In such a case, look at the output of the script carefully and check the steps which went successfully and the point after which it failed. Since it is all bash commands and most bash commands output errors when they encounter insufficient permissions, you would be able to catch the culprit. Gazing at the output is the key here.
Executable permissions on script
In one of the newer projects, I copied the script to the server but forgot to make it executable. Trying to run the script just said that command could not be found (or something to that effect) which is a bit misleading. If you happen to encounter such a error, make sure you check the permissions on the script. Run a
chmod u+x on the script to make sure it runs.
The invisible deploy.lock file
This one is weird!
At a time when I had to update the production back to back testing small changes, I found that some subsequent deployments were complaining about the
deploy.lock being present despite the previous deploys being successful! I had another SSH session open in a second terminal tab; so I did a
ls using that session in my base_dir and the file (
deploy.lock) was not there. So I ran the deployment again (from a different tab, using a aliased command as explained here) and it worked.
This behaviour never occurred when I was not logged into the server from a separate tab! I am not sure why this happens; maybe the session from the second tab holds the file list in the OS cache and when the deployment script runs, the cache was being used and that caused the trouble.
Whatever be the reason, if you come across this, run
ls in the second terminal from which you SSHed into the server and that should solve it. Better yet, if you don’t need to be logged into the server, just don’t run the second SSH session.
Puma restart fails
This too is unexplainable. But it happens at times: the puma restart step reports success but puma does not restart. This causes a 502 (Bad Gateway) error because nginx fails to connect to the puma backend! Most of the time, re-running the deployment script (which hardly takes 4-5 seconds) solves the issue.
The problem is - there are no error messages shown by pumactl and so you don’t know if it silently failed and why!
It is recommended that every time you deploy your app, try to access any page/API from the app which does not change any data. If you get a 502, re-run the deployment. If the server responds as expected, puma did not fail.
Remember that you don’t need to restart nginx for the 502. The fact that you are getting any response means that nginx is working fine (unless you made any other changes to its config file and reloaded/restarted nginx).

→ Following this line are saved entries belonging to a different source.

Section Maximal.
Variable N : {group {perm V}}.
Hypothesis maxN : [max N | tetravalent_quotient N].

Lemma maximal_kernel : 'C_G(nquot_vertices 'P N [set: V] | 'P^*) = N.
Proof.
have [/andP[nsNG /forallP N4] maxP] := maxgroupP maxN.
apply: maxP; last by rewrite subsetI normal_sub ?nquot_vertices_cent.
rewrite /tetravalent_quotient kernel_normal //; apply/forallP => x.
by rewrite (quot_valency_eq_orbits e (kernel_orbit nsNG)) N4.
Qed.

Hypothesis e_conn : gconnected [set: V] e.

Lemma maximal_basic :
  basic ('P^* %% N)%act (G / N)%G (nquot_vertices 'P N [set: V]) (nquot_rel e).
Proof.
have [/andP[nsNG /forallP N4] maxP] := maxgroupP maxN.
have {}N4 x : quot_valency e N x = 4 by apply/eqP.
split; [exact: nquot_connected | exact: quot_regular | exact: quot_half_arc_transitive |].
move=> M nsM ntM _ /imsetP[_ /nquot_verticesP[y ->] ->].
apply: leq_trans (double_quot_valency_le nsNG nsM y) (quot_valency_le2 _ _).
  exact: cosetpre_normalG.
apply: contra ntM => /eqP K4; apply/eqP.
rewrite -(cosetpreK M) (maxP _ _ (sub_cosetpre M)) ?trivg_quotient //.
rewrite /tetravalent_quotient cosetpre_normalG //; apply/forallP=> x.
by rewrite (quot_valency_const _ x y) ?K4 ?cosetpre_normalG.
Qed.

End Maximal.
End HalfArcTransitive.

Theorem lemma5p1 (V : finType) (e : rel V) (G : {group {perm V}}) :
  symmetric e -> irreflexive e ->
  gconnected [set: V] e -> regular_of [set: V] e 4 ->
  half_arc_transitive 'P G [set: V] e ->
  exists N : {group {perm V}},
    [/\ N <| G,
        'C_G(nquot_vertices 'P N [set: V] | 'P^*) = N &
        basic ('P^* %% N)%act (G / N)%G
          (nquot_vertices 'P N [set: V]) (nquot_rel e)].
Proof.
move=> e_sym e_irr e_conn e_reg4 G_hat.
have [x0 [y0 e0]] := edge_exists e_reg4 G_hat.
have [N maxN _] := maxgroup_exists (tetravalent_quotient1 e_irr e_reg4 G_hat).
have [/andP[nsNG _] _] := maxgroupP maxN.
exists N; split; [by [] | exact: maximal_kernel maxN |].
exact: (maximal_basic e_sym e_irr e_reg4 G_hat e0 maxN e_conn).
Qed.
(* Let $T$ be the regular rooted tree of valence $p\geq 2$ with the embedded wire diffeology $\mathcal{D}_T$, and equip $\operatorname{Aut}T$ with the functional diffeology. Let $P:\mathbb{R}\to\operatorname{Aut}T$ be a plot of this diffeology. Then each of the two sequences $(P(n))_{n\in\mathbb{N}}$ and $(P(-m))_{m\in\mathbb{N}}$ converges in the congruence topology on $\operatorname{Aut}T$.
   Context: Fix a finite alphabet $A$ with $|A|=p\geq 2$. The vertices of $T$ are the finite words over $A$ (the root is the empty word); the length $|u|$ of a word is its level; two vertices are joined by an edge iff they have the form $a_1\dots a_n$ and $a_1\dots a_na_{n+1}$. As a topological space, $T$ is the 1-dimensional CW complex obtained by realizing each edge as a copy of $[0,1]$, with its usual topology. $\operatorname{Aut}T$ is the group of bijections of the vertex set fixing the root and preserving adjacency; each is regarded as a homeomorphism of the geometric realization mapping each edge affinely onto its image edge. $\operatorname{Stab}(n)$ is the subgroup of automorphisms fixing every vertex of level $n$. The congruence topology on $\operatorname{Aut}T$ is the group topology in which the subgroups $\operatorname{Stab}(n)$, $n\in\mathbb{N}$, form a basis of neighbourhoods of the identity. A diffeology on a set $X$ is a collection of maps $U\to X$ (''plots''), $U$ ranging over open subsets of all $\mathbb{R}^n$, containing all constant maps, closed under precomposition with smooth maps, and satisfying the sheaf condition. The embedded wire diffeology $\mathcal{D}_T$ is the diffeology on $T$ generated by (i.e. the smallest diffeology containing) all maps $\gamma:\mathbb{R}\to T$ that are injective, continuous, and homeomorphisms onto their images. A map between diffeological spaces is smooth if it sends plots to plots. The functional diffeology on $C^\infty(T,T)$ is the coarsest diffeology such that the evaluation map $C^\infty(T,T)\times T\to T$ is smooth (with the product diffeology, the coarsest making projections smooth); $\operatorname{Aut}T\subseteq C^\infty(T,T)$ carries the subset diffeology. Equivalently, $P:U\to\operatorname{Aut}T$ is a plot iff $(u,x)\mapsto P(u)(x)$ is smooth $U\times T\to T$. *)

From mathcomp Require Import all_boot all_order all_algebra.
From mathcomp Require Import all_classical all_reals all_analysis.
Import numFieldNormedType.Exports.
Import Order.TTheory GRing.Theory Num.Theory.

Set Implicit Arguments.
Unset Strict Implicit.
Unset Printing Implicit Defensive.

Local Open Scope classical_set_scope.
Local Open Scope ring_scope.

Definition iterD (R : realType) (V W : normedModType R)
  (vs : seq V) (f : V -> W) : V -> W :=
  foldr (fun v g => fun x => derive g x v) f vs.

Definition smooth_on (R : realType) (V W : normedModType R)
  (U : set V) (f : V -> W) : Prop :=
  forall (vs : seq V) (x : V), U x ->
    {for x, continuous (iterD vs f)} /\
    (forall v : V, derivable (iterD vs f) x v).

(* Diffeologies.  A parametrization of X is given by n, an (open)      *)
(* domain U of R^n = 'rV[R]_n, and a map 'rV[R]_n -> X whose values    *)
(* only matter on U.                                                   *)

Definition param_family (R : realType) (X : Type) :=
  forall n : nat, set 'rV[R]_n -> ('rV[R]_n -> X) -> Prop.

Definition is_diffeology (R : realType) (X : Type) (D : param_family R X)
  : Prop :=
  (* plots are maps on their domain: only the values on U matter *)
  (forall n (U : set 'rV[R]_n) (P Q : 'rV[R]_n -> X),
      open U -> D n U P -> (forall z, U z -> P z = Q z) -> D n U Q) /\
  (forall n (U : set 'rV[R]_n) (x : X), open U -> D n U (fun _ => x)) /\
  (forall n m (U : set 'rV[R]_n) (V : set 'rV[R]_m)
          (P : 'rV[R]_n -> X) (F : 'rV[R]_m -> 'rV[R]_n),
      open U -> open V -> smooth_on V F -> (forall z, V z -> U (F z)) ->
      D n U P -> D m V (P \o F)) /\
  (forall n (U : set 'rV[R]_n) (P : 'rV[R]_n -> X),
      open U ->
      (forall z, U z -> exists W : set 'rV[R]_n,
          [/\ open W, W z, W `<=` U & D n W P]) ->
      D n U P).

(* The diffeology generated by a family of curves R -> X: the smallest
   diffeology containing them (a curve is a plot with domain R^1). *)
Definition generated_plot (R : realType) (X : Type) (G : (R -> X) -> Prop)
  : param_family R X :=
  fun n U P => open U /\
    forall D : param_family R X, is_diffeology D ->
      (forall g, G g -> D 1%N setT (fun z : 'rV[R]_1 => g (z ord0 ord0))) ->
      D n U P.

(* The regular rooted tree T of valence p: vertices = words over 'I_p. *)

Definition vertex (p : nat) := seq 'I_p.

Definition adjacent (p : nat) (u v : vertex p) : Prop :=
  (exists a : 'I_p, v = rcons u a) \/ (exists a : 'I_p, u = rcons v a).

Definition is_aut (p : nat) (g : vertex p -> vertex p) : Prop :=
  bijective g /\ g [::] = [::] /\
  (forall u v, adjacent u v -> adjacent (g u) (g v)).

Definition Stab (p : nat) (n : nat) (h : vertex p -> vertex p) : Prop :=
  is_aut h /\ (forall u : vertex p, size u = n -> h u = u).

Sidekiq PIDs not being reported
I have seen this happening with Sidekiq restarts at times - that the script just reports a blank PID after sidekiq restarts. This is because sidekiq takes quite a bit of time to restart (especially of there are jobs running). It is best to introduce/increase the delay between sending the restart command to sidekiq and reading its PID file.
In my experience waiting for 15 seconds mostly works (the PID file is refreshed with the new PID within that duration) but can be longer if your app is larger in size.